ACLU Urges Government Not To Trample On Internet Political Speech
FOR IMMEDIATE RELEASE
WASHINGTON — Saying the government must not gag the new town criers, the American Civil Liberties Union joined forces today with the Center for Democracy and Technology and the Free Congress Foundation to urge federal regulators not to clamp down on political speech on the Internet during the upcoming election season.
“At a time when politicians and talking heads bemoan the political apathy that has spread across the country, the Internet holds great potential to reengage people in the political process,” said Barry Steinhardt, ACLU Associate Director. “There is absolutely no reason to clamp down on Internet political speech by individuals.”
The organizations sent their comments to the FEC in response to its request for ideas on how to apply federal election laws to Internet activity. Though the eighteen groups that signed onto the comments represent a wide range of viewpoints, they said they are “united in our belief that the Internet offers a unique opportunity to improve the quality of the electoral process by providing a platform from which individuals can engage in political speech outside the control of candidates, political parties, and the traditional media gatekeepers.”
The organizations urged the FEC to create a “safe harbor” for Internet political speech by individuals and to delay comprehensive rulemaking until after the 2000 election cycle to avoid new enforcement actions that could potentially chill new experiments in issue advocacy, direct advocacy and non-partisan activities on the Internet.
“The Internet allows anyone, as the Supreme Court said, to become a ‘town crier with a voice that resonates further than it could from any soapbox,'” said Laura W. Murphy, Director of the ACLU’s Washington National Office. “The Federal Election Commission, which is charged with broadening the diversity of groups involved in the election process, must not gag the new town criers.”
During the congressional debate over revisions to campaign finance laws, the ACLU urged Congress to protect people using their own personal web sites to express their opinions about candidates from prosecution.
The FEC told at least one man, Leo Smith, that he was in violation of federal law because he had spent more than $250 in expressing his political views in 1996 without disclosing his identity and filing required reports.

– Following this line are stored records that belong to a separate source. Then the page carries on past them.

(* Let $\alpha\in\{0,1,2\}^*$ be a finite ternary string and let $c_\infty[\alpha]$ be the CQCA limit configuration on input $\alpha$. Let $e=(x_0,y_0)\in\mathbb{Z}^2$ be such that both cells $e+N$ and $e+W$ are defined in $c_\infty[\alpha]$ (an anchor cell). Then there exists $z\in\mathbb{N}$ such that: the cells $(x_0,y)$ with $y_0<y\le|\alpha|$ are all defined and give a base-$3'$ word $\gamma$ with $[\![\gamma]\!]_{3'}=z$; and the cells $(x,y_0)$ with $x<x_0$ all have defined sum bits $b_x$, only finitely many of which are $1$, with $\sum_{x<x_0}b_x\,2^{x_0-1-x}=z$ (i.e. the sum bits strictly west of $e$ on row $y_0$ form the base-2 representation of $z$, least significant bit at $e+W$).
   Context: Notation: $E=(1,0)$, $W=(-1,0)$, $N=(0,1)$, $S=(0,-1)$ in $\mathbb{Z}^2$; $[P]\in\{0,1\}$ equals $1$ iff $P$ holds. Strings are indexed from the right. Base $3'$: words over $\{0,\bar0,1,\bar1\}$ with trit values $0\mapsto0$, $\bar0\mapsto1$, $1\mapsto1$, $\bar1\mapsto2$, and $[\![\gamma]\!]_{3'}=\sum_i\mathrm{val}(\gamma_i)3^i$. The symbols $0,\bar0,1,\bar1$ are identified with the cell states $(0,0),(0,1),(1,0),(1,1)$. The encoding $\mathrm{enc}:\{0,1,2\}^*\to\{0,\bar0,1,\bar1\}^*$ acts symbol by symbol: $0\mapsto0$, $2\mapsto\bar1$, and a digit $\alpha_i=1$ maps to $1$ if there exists $j<i$ with $\alpha_j\ne1$ and the largest such $j$ has $\alpha_j=2$, and to $\bar0$ otherwise. A vertical contiguous segment of defined cells gives the base-$3'$ word formed by the cells' states read from north (most significant) to south (least significant). The CQCA. State set $\Sigma=\{0,1,\bot\}^2\setminus\{(\bot,0),(\bot,1)\}$; a state $(s,c)$ has sum bit $s$ and carry bit $c$; it is undefined if $(\bot,\bot)$, half-defined if $s\in\{0,1\},c=\bot$, defined if $s,c\in\{0,1\}$. One step $F(C)$ of a configuration $C:\mathbb{Z}^2\to\Sigma$: first the non-local rule gives $C'$: $C'(u)=(0,1)$ if $C(u+W)=(1,\bot)$, $C(u)\in\{(0,\bot),(\bot,\bot)\}$ and $C(u+iE)\in\{(0,\bot),(\bot,\bot)\}$ for all $i\ge1$; otherwise $C'(u)=C(u)$. Then the local rule on $C'$ at all cells simultaneously: (i) if $C'(u)=(s,\bot)$ half-defined and $C'(u+E)=(s',c')$ defined, $F(C)(u)=(s,[s+s'+c'\ge2])$; (ii) if $C'(u)=(\bot,\bot)$, $C'(u+N)=(s,\bot)$ half-defined and $C'(u+N+E)=(s',c')$ defined, $F(C)(u)=((s+s'+c')\bmod2,\bot)$; (iii) otherwise $F(C)(u)=C'(u)$. For $\alpha\in\{0,1,2\}^*$ with $\gamma=\mathrm{enc}(\alpha)$, the initial configuration $c_0[\alpha]$ is: $c_0[\alpha](0,i)=\gamma_{i-1}$ for $1\le i\le|\alpha|$, $c_0[\alpha](x,|\alpha|)=(0,\bot)$ for all $x<0$, and $(\bot,\bot)$ elsewhere. Each cell's state in $F^i(c_0[\alpha])$ is eventually constant; $c_\infty[\alpha]$ is the pointwise limit. *)

From Stdlib Require Import ZArith List Bool Arith Lia ClassicalEpsilon.
Import ListNotations.
Open Scope Z_scope.

Inductive trit : Type := T0 | T1 | T2.

(* A string alpha is a list written left to right (most significant first);
   strings are indexed from the right: alpha_i = nth (|alpha|-1-i). *)
Definition tstr := list trit.
Definition at_r {A} (d : A) (s : list A) (i : nat) : A :=
  nth (length s - 1 - i)%nat s d.

(* Undef = (bot,bot), Half s = (s,bot), Def s c = (s,c) *)
Inductive cell : Type :=
| Undef : cell
| Half : bool -> cell
| Def : bool -> bool -> cell.

Definition is_defined (s : cell) : Prop := exists b c, s = Def b c.

Definition sum_bit (s : cell) : option bool :=
  match s with Undef => None | Half b => Some b | Def b _ => Some b end.

(* symbols 0, bar0, 1, bar1 = (0,0),(0,1),(1,0),(1,1); trit value s + c *)
Definition b2n (b : bool) : nat := if b then 1%nat else 0%nat.
Definition trit_val (s : cell) : nat :=
  match s with Def b c => (b2n b + b2n c)%nat | _ => 0%nat end.

Definition val3 (w : list cell) : nat :=
  fold_left (fun acc s => (3 * acc + trit_val s)%nat) w 0%nat.

Fixpoint last_non1 (a : tstr) (i : nat) : option trit :=
  match i with
  | O => None
  | S k => match at_r T0 a k with
           | T1 => last_non1 a k
           | t => Some t
           end
  end.

Definition enc_at (a : tstr) (i : nat) : cell :=
  match at_r T0 a i with
  | T0 => Def false false
  | T2 => Def true true
  | T1 => match last_non1 a i with
          | Some T2 => Def true false
          | _ => Def false true
          end
  end.

Definition config := Z * Z -> cell.
Definition addv (u v : Z * Z) : Z * Z := (fst u + fst v, snd u + snd v).
Definition vE : Z * Z := (1, 0).
Definition vW : Z * Z := (-1, 0).
Definition vN : Z * Z := (0, 1).
Definition vS : Z * Z := (0, -1).

Definition zeroish (s : cell) : Prop := s = Half false \/ s = Undef.

Definition nonlocal_cond (C : config) (u : Z * Z) : Prop :=
  C (addv u vW) = Half true /\ zeroish (C u) /\
  forall i : Z, 1 <= i -> zeroish (C (addv u (i, 0))).

Definition nonlocal (C : config) : config := fun u =>
  if excluded_middle_informative (nonlocal_cond C u) then Def false true else C u.

Definition local (C' : config) : config := fun u =>
  match C' u with
  | Half s =>
      match C' (addv u vE) with
      | Def s' c' => Def s (2 <=? b2n s + b2n s' + b2n c')%nat
      | _ => C' u
      end
  | Undef =>
      match C' (addv u vN), C' (addv (addv u vN) vE) with
      | Half s, Def s' c' => Half (Nat.odd (b2n s + b2n s' + b2n c'))
      | _, _ => C' u
      end
  | Def _ _ => C' u
  end.

Definition F (C : config) : config := local (nonlocal C).

Definition c0 (a : tstr) : config := fun u =>
  let n := Z.of_nat (length a) in
  let (x, y) := u in
  if (x =? 0) && (1 <=? y) && (y <=? n) then enc_at a (Z.to_nat (y - 1))
  else if (x <? 0) && (y =? n) then Half false
  else Undef.

Definition eventually_const (a : tstr) (u : Z * Z) (s : cell) : Prop :=
  exists n : nat, forall m : nat, (n <= m)%nat -> Nat.iter m F (c0 a) u = s.

(* c_infty[alpha]: the pointwise limit (each cell is eventually constant, as
   stated in the paper; Undef is a never-used default otherwise). *)
Definition c_inf (a : tstr) : config := fun u =>
  match excluded_middle_informative (exists s, eventually_const a u s) with
  | left H => proj1_sig (constructive_indefinite_description _ H)
  | right _ => Undef
  end.

Definition column_word (C : config) (x0 y0 top : Z) : list cell :=
  map (fun k : nat => C (x0, top - Z.of_nat k)) (seq 0 (Z.to_nat (top - y0))).

Fixpoint sum_nat (f : nat -> nat) (K : nat) : nat :=
  match K with O => O | S k => (sum_nat f k + f k)%nat end.

From Stdlib Require Import ZArith List Arith Lia Classical ClassicalEpsilon.
Open Scope Z_scope.

(** Every step of the automaton only refines cells along the order
    [Undef < Half b < Def b c], so each cell stabilises and [c_inf] is the limit
    of the trajectory.  An invariant [Inv] (the shape of the region reached by
    the dynamics) holds initially and is preserved by a step.  From it we show
    that in the limit a column that is defined from row [y0+1] up to the top row
    sits to the right of rows of *full adders*: every cell west of the column is
    defined, its carry is the majority of its sum bit and the east neighbour's
    two bits, and the cell below gets their parity.  The non-local rule cannot
    have produced such cells, because it needs zeroes east of the firing cell,
    and those zeroes would persist forever ([zeroes_persist]).  Finally a purely
    arithmetic lemma ([ripple_value]) shows that a stack of such adder rows,
    seeded with a zero top row, turns row [j] into [3 * row (j-1) + trit j]:
    the bottom row is the base-2 expansion of the base-3' value of the column. *)

Notation height a := (Z.of_nat (length a)).

(** A cell state is defined, in a form that computes by case analysis. *)
Definition isDef (s : cell) : Prop := match s with Def _ _ => True | _ => False end.

Lemma isDef_is_defined (s : cell) : isDef s <-> is_defined s.
Proof.
  split.
  - destruct s as [|b|b c]; simpl; try tauto. intros _. exists b, c. reflexivity.
  - intros [b [c ->]]. exact I.
Qed.

Lemma isDef_dec (s : cell) : isDef s \/ ~ isDef s.
Proof. destruct s; simpl; tauto. Qed.

Lemma addv_E x y : addv (x,y) vE = (x+1, y). Proof. unfold addv; simpl; f_equal; lia. Qed.
Lemma addv_W x y : addv (x,y) vW = (x-1, y). Proof. unfold addv; simpl; f_equal; lia. Qed.
Lemma addv_N x y : addv (x,y) vN = (x, y+1). Proof. unfold addv; simpl; f_equal; lia. Qed.
Lemma addv_NE x y : addv (addv (x,y) vN) vE = (x+1, y+1). Proof. unfold addv; simpl; f_equal; lia. Qed.

Lemma nonlocal_fires C u : nonlocal_cond C u -> nonlocal C u = Def false true.
Proof. intro H. unfold nonlocal. destruct excluded_middle_informative; tauto. Qed.

Lemma nonlocal_idle C u : ~ nonlocal_cond C u -> nonlocal C u = C u.
Proof. intro H. unfold nonlocal. destruct excluded_middle_informative; tauto. Qed.

Lemma nonlocal_cond_west C x y : nonlocal_cond C (x,y) -> C (x-1,y) = Half true.
Proof. intros [H _]. rewrite addv_W in H. exact H. Qed.

Lemma nonlocal_cond_zeroish C u : nonlocal_cond C u -> zeroish (C u).
Proof. intros [_ [H _]]. exact H. Qed.

Lemma nonlocal_half C u s : nonlocal C u = Half s -> C u = Half s.
Proof.
  intro H. destruct (classic (nonlocal_cond C u)) as [Hc|Hc].
  - rewrite nonlocal_fires in H by exact Hc. discriminate.
  - rewrite nonlocal_idle in H by exact Hc. exact H.
Qed.

Lemma nonlocal_def_inv C u b c : nonlocal C u = Def b c ->
  C u = Def b c \/ (nonlocal_cond C u /\ b = false /\ c = true).
Proof.
  intro H. destruct (classic (nonlocal_cond C u)) as [Hc|Hc].
  - rewrite nonlocal_fires in H by exact Hc. injection H as <- <-. right; auto.
  - rewrite nonlocal_idle in H by exact Hc. left; exact H.
Qed.

Lemma nonlocal_keeps_def C u b c : C u = Def b c -> nonlocal C u = Def b c.
Proof.
  intro H. rewrite nonlocal_idle; auto.
  intros Hc. destruct (nonlocal_cond_zeroish _ _ Hc) as [E|E]; congruence.
Qed.

Lemma local_def N u b c : N u = Def b c -> local N u = Def b c.
Proof. intro H. unfold local. rewrite H. reflexivity. Qed.

(** Local rule (i): a half-defined cell acquires the carry of a full adder. *)
Lemma local_half_def N u s s' c' : N u = Half s -> N (addv u vE) = Def s' c' ->
  local N u = Def s (2 <=? b2n s + b2n s' + b2n c')%nat.
Proof. intros H1 H2. unfold local. rewrite H1, H2. reflexivity. Qed.

(** Local rule (ii): an undefined cell acquires the sum bit of a full adder. *)
Lemma local_undef N u s s' c' : N u = Undef -> N (addv u vN) = Half s ->
  N (addv (addv u vN) vE) = Def s' c' -> local N u = Half (Nat.odd (b2n s + b2n s' + b2n c')).
Proof. intros H1 H2 H3. unfold local. rewrite H1, H2, H3. reflexivity. Qed.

Although Smith had already been operating a web site for his business and it cost him nothing but his time to add a section advocating his representative’s defeat, the FEC said it determined the value of web sites by counting, among other factors, the cost of the computer hardware and software used to create the site. If the computer cost more than $250, the FEC said, its owner would have to meet the filing and disclosure requirements of federal law. Using the FEC’s logic, if the computer cost more than $1,000, its owner would have to register as a political action committee.